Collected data
+ + + + +

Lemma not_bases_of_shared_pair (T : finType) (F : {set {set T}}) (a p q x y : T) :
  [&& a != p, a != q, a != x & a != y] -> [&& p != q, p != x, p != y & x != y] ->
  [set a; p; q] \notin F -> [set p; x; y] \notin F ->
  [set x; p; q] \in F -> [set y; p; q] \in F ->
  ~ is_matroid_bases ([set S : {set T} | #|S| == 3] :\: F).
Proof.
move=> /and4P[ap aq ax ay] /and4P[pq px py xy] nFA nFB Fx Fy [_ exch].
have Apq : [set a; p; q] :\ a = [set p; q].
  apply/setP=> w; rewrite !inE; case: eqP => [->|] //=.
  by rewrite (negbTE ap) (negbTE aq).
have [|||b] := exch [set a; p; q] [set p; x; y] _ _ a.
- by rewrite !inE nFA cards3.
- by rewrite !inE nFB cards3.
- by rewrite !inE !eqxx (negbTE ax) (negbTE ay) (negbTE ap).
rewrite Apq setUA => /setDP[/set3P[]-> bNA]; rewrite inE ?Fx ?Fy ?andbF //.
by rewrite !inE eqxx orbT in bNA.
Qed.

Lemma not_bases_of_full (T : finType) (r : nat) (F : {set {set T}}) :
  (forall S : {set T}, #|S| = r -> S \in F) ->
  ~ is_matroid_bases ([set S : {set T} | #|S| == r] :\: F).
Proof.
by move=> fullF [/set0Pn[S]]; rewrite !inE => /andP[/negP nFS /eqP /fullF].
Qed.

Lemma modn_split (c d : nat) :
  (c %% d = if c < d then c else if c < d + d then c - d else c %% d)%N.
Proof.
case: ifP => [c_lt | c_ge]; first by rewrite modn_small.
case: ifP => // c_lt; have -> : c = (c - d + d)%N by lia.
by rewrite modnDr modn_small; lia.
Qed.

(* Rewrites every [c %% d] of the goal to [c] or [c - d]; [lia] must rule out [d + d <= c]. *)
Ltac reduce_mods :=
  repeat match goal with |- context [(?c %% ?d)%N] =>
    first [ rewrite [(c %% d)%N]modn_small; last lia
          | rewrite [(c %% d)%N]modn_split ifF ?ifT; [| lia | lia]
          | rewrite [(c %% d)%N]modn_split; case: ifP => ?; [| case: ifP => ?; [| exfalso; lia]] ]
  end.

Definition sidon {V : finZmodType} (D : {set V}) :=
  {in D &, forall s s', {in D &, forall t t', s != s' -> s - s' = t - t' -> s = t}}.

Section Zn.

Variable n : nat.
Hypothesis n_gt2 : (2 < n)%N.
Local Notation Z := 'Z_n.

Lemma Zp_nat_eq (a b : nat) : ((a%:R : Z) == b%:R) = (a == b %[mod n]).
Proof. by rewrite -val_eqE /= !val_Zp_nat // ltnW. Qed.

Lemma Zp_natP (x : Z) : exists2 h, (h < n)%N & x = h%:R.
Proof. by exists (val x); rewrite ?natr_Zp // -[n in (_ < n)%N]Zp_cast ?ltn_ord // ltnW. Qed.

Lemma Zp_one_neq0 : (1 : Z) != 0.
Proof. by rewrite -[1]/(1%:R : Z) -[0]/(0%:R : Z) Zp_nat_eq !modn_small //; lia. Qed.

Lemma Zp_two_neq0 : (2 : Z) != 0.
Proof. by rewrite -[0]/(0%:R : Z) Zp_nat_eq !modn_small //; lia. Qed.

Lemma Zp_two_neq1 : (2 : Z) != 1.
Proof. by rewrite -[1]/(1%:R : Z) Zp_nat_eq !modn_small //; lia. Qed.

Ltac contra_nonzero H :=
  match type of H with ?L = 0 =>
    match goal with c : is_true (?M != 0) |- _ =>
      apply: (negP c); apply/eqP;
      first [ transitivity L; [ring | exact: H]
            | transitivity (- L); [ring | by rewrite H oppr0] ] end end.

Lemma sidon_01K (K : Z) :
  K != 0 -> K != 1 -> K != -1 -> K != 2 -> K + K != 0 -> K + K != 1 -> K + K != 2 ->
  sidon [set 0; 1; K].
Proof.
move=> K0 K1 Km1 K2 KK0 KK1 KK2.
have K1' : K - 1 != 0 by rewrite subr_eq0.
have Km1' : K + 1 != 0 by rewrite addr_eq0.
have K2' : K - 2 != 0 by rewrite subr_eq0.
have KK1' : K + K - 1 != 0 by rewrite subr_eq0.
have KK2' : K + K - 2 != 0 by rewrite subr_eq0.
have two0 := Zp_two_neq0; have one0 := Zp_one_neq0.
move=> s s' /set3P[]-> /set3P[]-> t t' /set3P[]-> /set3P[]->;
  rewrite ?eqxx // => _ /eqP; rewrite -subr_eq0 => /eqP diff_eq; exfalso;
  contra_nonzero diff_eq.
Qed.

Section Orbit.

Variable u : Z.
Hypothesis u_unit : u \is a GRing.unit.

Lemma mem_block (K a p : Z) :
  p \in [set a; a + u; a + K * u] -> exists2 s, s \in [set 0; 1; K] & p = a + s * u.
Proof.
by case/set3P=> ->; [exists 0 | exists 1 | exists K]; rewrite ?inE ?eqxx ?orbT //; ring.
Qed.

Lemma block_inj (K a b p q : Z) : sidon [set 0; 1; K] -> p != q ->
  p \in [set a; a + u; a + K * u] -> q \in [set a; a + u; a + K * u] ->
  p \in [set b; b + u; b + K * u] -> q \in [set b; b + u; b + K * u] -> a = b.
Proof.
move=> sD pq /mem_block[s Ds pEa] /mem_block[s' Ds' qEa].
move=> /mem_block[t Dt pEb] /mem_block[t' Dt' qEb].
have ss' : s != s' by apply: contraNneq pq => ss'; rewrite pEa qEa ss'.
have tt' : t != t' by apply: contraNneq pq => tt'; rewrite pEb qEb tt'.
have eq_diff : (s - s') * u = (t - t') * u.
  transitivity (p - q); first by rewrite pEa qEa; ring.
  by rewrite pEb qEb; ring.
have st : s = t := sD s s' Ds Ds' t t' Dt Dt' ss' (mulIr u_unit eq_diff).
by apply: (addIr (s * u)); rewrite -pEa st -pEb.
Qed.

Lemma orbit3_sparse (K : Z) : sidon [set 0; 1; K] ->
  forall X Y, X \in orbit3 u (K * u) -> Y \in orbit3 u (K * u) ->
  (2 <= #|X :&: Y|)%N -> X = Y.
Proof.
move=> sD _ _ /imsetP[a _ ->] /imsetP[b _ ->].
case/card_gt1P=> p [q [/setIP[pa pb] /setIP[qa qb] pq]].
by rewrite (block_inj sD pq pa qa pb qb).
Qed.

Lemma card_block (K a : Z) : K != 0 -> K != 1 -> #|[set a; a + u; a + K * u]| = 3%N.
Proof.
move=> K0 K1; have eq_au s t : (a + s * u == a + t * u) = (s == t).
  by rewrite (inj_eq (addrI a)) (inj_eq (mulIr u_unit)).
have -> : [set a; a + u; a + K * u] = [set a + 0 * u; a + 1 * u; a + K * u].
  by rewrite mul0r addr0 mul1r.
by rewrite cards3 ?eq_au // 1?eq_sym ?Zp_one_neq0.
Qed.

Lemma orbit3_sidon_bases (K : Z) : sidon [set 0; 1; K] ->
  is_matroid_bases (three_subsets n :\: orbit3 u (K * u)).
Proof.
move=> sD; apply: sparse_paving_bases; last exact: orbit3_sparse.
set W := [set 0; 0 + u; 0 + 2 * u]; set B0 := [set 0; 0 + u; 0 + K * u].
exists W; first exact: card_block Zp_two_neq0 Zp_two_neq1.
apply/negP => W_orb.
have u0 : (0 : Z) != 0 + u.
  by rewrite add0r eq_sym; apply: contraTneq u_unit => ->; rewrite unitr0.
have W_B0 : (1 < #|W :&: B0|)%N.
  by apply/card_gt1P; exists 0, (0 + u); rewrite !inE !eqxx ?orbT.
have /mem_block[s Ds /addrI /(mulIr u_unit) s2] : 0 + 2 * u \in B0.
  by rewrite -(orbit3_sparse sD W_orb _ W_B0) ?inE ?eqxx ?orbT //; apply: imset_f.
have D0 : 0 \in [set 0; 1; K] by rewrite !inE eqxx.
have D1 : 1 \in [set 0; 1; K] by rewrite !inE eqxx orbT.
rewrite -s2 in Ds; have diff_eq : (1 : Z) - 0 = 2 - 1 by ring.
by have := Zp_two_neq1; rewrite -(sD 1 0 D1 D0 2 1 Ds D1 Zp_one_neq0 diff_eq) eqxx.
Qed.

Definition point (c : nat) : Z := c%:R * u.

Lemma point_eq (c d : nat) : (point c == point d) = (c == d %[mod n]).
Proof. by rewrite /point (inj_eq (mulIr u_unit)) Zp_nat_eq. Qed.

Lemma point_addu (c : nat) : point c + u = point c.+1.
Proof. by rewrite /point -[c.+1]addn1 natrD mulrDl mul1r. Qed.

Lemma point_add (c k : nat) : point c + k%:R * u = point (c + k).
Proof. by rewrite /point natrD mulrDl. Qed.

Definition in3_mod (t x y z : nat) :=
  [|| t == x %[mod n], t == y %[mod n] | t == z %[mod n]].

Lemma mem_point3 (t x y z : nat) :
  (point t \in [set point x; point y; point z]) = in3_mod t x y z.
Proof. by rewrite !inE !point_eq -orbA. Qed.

+ + + + +

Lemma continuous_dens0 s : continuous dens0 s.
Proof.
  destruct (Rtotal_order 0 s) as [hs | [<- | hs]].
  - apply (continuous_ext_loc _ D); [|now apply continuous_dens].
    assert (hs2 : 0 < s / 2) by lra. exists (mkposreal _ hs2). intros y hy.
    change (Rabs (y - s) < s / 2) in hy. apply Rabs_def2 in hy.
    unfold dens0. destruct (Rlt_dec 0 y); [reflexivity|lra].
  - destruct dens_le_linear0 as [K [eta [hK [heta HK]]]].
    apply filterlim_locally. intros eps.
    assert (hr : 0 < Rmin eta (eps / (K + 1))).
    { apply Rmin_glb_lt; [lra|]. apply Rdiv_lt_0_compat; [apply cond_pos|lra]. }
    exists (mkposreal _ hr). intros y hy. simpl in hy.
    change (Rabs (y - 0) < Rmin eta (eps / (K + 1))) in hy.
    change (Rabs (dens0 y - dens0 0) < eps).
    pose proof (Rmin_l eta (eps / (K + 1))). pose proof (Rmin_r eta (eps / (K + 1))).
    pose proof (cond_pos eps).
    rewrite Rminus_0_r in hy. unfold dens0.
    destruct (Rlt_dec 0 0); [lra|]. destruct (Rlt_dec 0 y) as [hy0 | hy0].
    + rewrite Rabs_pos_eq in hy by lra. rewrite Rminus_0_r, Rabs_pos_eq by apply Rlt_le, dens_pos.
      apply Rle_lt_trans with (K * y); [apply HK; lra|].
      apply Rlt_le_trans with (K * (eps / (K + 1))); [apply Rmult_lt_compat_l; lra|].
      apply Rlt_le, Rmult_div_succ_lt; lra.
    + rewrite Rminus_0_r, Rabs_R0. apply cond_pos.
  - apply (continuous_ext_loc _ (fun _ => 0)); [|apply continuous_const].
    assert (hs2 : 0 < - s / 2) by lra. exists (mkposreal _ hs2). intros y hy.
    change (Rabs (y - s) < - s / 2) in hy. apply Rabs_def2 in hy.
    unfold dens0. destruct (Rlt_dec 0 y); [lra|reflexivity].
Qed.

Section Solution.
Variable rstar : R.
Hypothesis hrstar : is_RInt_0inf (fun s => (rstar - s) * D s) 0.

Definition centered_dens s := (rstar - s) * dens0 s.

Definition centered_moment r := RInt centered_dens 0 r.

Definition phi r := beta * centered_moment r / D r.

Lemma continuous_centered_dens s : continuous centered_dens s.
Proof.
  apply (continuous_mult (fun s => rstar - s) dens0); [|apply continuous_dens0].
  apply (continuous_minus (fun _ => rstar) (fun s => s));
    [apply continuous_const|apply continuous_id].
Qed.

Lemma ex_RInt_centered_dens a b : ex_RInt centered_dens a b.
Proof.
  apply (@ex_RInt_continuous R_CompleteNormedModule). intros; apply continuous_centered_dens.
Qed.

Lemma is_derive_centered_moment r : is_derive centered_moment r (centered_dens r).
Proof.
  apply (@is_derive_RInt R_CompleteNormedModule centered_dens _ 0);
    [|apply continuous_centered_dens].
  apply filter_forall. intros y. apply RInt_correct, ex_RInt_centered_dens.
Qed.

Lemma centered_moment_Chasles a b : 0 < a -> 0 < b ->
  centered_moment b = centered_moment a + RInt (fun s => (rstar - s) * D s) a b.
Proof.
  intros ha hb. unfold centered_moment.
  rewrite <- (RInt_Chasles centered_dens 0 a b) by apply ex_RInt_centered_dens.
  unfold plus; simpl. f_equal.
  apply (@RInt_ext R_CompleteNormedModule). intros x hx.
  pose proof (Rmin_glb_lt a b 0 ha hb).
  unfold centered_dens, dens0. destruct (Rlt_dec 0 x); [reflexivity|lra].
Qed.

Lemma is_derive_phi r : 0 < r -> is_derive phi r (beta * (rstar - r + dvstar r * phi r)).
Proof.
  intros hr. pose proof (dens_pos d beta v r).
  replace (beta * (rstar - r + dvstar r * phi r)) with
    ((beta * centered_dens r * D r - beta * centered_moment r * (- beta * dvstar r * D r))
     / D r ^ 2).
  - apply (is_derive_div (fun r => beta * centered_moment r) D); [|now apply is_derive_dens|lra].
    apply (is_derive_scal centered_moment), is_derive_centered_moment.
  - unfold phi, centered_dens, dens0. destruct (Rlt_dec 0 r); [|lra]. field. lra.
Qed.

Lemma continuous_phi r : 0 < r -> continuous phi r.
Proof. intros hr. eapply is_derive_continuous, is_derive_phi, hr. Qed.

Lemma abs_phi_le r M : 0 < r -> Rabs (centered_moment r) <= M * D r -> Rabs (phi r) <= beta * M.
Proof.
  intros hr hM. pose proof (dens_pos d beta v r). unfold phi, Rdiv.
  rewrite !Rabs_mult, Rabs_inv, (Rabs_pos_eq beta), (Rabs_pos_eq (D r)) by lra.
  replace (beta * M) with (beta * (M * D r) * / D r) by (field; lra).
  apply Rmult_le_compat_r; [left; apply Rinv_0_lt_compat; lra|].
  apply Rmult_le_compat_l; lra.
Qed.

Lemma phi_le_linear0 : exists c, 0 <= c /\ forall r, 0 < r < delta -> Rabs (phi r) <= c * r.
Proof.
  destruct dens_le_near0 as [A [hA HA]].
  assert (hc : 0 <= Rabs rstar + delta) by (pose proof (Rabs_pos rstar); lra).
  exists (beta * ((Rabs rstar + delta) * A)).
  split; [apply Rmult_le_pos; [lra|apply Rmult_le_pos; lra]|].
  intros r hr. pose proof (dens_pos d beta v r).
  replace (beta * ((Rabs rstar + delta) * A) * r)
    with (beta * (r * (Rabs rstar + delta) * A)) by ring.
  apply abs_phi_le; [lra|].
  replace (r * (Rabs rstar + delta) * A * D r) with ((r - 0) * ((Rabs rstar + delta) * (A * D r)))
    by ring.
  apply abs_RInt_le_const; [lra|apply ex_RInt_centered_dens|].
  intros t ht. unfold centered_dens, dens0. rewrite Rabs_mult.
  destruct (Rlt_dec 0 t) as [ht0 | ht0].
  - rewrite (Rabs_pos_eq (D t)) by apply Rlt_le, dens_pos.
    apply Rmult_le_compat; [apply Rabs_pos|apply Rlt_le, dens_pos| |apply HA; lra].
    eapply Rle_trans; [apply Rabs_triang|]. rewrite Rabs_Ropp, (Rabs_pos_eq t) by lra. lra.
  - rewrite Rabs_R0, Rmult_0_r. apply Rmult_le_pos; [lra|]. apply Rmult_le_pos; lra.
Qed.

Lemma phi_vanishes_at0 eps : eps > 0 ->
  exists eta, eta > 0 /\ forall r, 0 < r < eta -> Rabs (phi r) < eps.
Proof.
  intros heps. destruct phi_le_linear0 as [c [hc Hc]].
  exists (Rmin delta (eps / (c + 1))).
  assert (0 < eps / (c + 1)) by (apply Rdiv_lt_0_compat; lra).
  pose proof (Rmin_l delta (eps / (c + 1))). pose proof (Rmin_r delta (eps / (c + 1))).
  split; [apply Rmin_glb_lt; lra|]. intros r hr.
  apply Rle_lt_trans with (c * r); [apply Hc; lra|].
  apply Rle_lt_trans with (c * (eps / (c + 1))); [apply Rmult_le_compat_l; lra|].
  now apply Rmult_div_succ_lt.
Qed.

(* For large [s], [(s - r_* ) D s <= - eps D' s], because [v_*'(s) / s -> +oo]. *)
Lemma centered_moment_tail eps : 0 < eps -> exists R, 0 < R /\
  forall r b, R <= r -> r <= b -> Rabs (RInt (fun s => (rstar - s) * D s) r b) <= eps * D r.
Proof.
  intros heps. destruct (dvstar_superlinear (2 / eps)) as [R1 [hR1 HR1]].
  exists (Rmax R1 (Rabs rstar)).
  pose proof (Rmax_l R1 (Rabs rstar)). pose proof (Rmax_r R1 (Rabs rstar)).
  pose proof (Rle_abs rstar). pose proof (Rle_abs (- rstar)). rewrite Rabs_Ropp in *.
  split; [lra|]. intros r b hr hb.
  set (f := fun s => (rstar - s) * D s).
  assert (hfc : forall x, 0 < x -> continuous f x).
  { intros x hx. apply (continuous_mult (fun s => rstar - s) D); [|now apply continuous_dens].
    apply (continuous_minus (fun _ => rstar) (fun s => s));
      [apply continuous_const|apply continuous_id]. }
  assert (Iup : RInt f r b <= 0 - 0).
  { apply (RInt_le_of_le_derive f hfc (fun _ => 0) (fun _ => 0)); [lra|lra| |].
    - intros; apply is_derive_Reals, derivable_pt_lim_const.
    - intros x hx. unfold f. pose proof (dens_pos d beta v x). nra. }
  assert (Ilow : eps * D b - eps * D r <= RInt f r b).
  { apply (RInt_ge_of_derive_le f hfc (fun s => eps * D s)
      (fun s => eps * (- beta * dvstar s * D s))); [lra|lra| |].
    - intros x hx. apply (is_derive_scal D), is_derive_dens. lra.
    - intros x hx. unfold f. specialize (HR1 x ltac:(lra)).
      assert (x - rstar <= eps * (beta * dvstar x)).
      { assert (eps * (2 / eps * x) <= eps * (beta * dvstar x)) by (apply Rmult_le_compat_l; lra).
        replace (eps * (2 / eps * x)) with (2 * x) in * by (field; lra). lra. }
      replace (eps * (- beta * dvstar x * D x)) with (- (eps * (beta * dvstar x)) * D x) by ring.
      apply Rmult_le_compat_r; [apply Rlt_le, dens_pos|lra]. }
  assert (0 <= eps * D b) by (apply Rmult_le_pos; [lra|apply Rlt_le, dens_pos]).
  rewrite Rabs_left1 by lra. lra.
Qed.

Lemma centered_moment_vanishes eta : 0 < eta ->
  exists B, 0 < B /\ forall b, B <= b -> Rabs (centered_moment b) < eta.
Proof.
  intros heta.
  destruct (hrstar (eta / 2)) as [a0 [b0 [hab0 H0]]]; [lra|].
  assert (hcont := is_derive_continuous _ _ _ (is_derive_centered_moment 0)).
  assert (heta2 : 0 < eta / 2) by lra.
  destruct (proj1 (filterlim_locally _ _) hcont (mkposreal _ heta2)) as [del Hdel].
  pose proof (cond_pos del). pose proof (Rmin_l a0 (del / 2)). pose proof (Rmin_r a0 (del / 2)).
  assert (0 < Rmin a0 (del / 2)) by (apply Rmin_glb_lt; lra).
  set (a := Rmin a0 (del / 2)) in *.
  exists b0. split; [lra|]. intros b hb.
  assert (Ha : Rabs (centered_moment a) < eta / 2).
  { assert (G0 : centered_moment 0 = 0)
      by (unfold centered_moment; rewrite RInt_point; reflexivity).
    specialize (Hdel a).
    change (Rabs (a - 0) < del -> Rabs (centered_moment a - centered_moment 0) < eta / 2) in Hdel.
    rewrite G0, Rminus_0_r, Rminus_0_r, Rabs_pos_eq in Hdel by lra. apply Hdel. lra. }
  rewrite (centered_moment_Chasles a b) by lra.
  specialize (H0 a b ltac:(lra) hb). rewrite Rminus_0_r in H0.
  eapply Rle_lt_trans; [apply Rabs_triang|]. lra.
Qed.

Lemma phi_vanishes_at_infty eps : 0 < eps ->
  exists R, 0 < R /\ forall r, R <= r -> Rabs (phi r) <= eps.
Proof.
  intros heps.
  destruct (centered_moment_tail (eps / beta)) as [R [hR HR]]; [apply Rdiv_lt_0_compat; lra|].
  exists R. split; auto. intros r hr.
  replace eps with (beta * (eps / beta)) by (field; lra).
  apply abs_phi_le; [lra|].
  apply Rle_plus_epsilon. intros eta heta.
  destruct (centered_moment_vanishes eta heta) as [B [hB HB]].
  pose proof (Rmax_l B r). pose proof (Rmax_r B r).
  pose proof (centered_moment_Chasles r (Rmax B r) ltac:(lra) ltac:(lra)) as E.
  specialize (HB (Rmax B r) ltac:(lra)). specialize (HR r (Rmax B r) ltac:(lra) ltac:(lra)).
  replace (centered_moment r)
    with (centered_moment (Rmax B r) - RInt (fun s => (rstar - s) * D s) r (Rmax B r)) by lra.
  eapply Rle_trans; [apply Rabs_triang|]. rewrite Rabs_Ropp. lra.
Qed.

+ + + + +

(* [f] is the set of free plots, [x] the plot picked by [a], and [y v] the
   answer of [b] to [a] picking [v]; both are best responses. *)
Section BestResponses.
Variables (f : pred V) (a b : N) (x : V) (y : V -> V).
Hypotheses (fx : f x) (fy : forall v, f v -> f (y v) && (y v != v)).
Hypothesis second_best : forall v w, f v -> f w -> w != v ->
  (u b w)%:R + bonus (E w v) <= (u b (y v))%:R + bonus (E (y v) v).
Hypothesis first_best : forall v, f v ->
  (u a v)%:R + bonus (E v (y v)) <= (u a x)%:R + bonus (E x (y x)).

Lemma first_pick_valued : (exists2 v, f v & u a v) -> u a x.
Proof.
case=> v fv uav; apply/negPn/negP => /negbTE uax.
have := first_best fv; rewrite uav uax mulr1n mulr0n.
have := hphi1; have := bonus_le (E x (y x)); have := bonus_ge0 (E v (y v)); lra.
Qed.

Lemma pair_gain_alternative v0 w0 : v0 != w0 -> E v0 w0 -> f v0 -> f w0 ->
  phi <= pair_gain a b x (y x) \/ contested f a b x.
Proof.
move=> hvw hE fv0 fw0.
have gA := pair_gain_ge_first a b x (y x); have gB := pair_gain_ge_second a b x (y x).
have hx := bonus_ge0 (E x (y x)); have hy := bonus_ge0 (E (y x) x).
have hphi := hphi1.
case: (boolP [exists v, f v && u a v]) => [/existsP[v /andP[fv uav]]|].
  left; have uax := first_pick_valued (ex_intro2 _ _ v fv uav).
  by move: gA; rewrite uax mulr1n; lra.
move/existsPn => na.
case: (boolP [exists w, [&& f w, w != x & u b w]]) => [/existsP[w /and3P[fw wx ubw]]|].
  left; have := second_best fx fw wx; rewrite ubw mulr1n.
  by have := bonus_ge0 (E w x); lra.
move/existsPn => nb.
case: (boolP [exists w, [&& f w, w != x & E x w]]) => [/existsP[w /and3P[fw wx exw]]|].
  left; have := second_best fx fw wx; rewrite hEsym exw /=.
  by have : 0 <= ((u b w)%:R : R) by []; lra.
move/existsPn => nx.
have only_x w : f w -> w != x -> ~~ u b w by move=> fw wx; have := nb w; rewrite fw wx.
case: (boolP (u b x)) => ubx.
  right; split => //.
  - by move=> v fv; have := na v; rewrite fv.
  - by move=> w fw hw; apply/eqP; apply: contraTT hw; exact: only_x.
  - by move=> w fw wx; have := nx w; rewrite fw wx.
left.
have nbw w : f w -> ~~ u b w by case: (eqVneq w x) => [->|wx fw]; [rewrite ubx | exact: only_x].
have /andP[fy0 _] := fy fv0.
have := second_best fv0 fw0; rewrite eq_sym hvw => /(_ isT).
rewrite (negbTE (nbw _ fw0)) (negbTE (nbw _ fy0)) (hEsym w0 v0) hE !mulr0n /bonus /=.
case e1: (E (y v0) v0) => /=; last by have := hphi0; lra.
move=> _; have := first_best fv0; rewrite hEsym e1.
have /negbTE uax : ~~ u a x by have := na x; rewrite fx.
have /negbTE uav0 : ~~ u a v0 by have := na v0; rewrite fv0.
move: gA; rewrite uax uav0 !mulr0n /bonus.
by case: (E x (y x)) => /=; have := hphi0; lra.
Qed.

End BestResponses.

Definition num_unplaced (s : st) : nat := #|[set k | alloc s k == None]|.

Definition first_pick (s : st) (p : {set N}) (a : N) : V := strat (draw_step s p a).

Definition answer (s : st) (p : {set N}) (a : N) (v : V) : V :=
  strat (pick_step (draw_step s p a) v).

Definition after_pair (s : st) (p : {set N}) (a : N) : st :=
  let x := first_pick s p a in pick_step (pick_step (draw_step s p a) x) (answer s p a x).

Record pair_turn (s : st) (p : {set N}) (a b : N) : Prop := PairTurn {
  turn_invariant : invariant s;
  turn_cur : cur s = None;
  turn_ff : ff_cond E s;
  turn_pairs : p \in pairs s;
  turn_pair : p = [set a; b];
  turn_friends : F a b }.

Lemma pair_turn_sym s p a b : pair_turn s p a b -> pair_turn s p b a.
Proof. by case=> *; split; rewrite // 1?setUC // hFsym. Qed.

+ + + + +

• _EXERCISE_: From the records above, extract exactly and only the lines that begin at the line with "Lemma not_bases_of_shared_pair (T" and stop after the line with "r -> S \in F) ->".

• _OUTPUT FOR THIS TASK_:
Lemma not_bases_of_shared_pair (T : finType) (F : {set {set T}}) (a p q x y : T) :
  [&& a != p, a != q, a != x & a != y] -> [&& p != q, p != x, p != y & x != y] ->
  [set a; p; q] \notin F -> [set p; x; y] \notin F ->
  [set x; p; q] \in F -> [set y; p; q] \in F ->
  ~ is_matroid_bases ([set S : {set T} | #|S| == 3] :\: F).
Proof.
move=> /and4P[ap aq ax ay] /and4P[pq px py xy] nFA nFB Fx Fy [_ exch].
have Apq : [set a; p; q] :\ a = [set p; q].
  apply/setP=> w; rewrite !inE; case: eqP => [->|] //=.
  by rewrite (negbTE ap) (negbTE aq).
have [|||b] := exch [set a; p; q] [set p; x; y] _ _ a.
- by rewrite !inE nFA cards3.
- by rewrite !inE nFB cards3.
- by rewrite !inE !eqxx (negbTE ax) (negbTE ay) (negbTE ap).
rewrite Apq setUA => /setDP[/set3P[]-> bNA]; rewrite inE ?Fx ?Fy ?andbF //.
by rewrite !inE eqxx orbT in bNA.
Qed.

Lemma not_bases_of_full (T : finType) (r : nat) (F : {set {set T}}) :
  (forall S : {set T}, #|S| = r -> S \in F) ->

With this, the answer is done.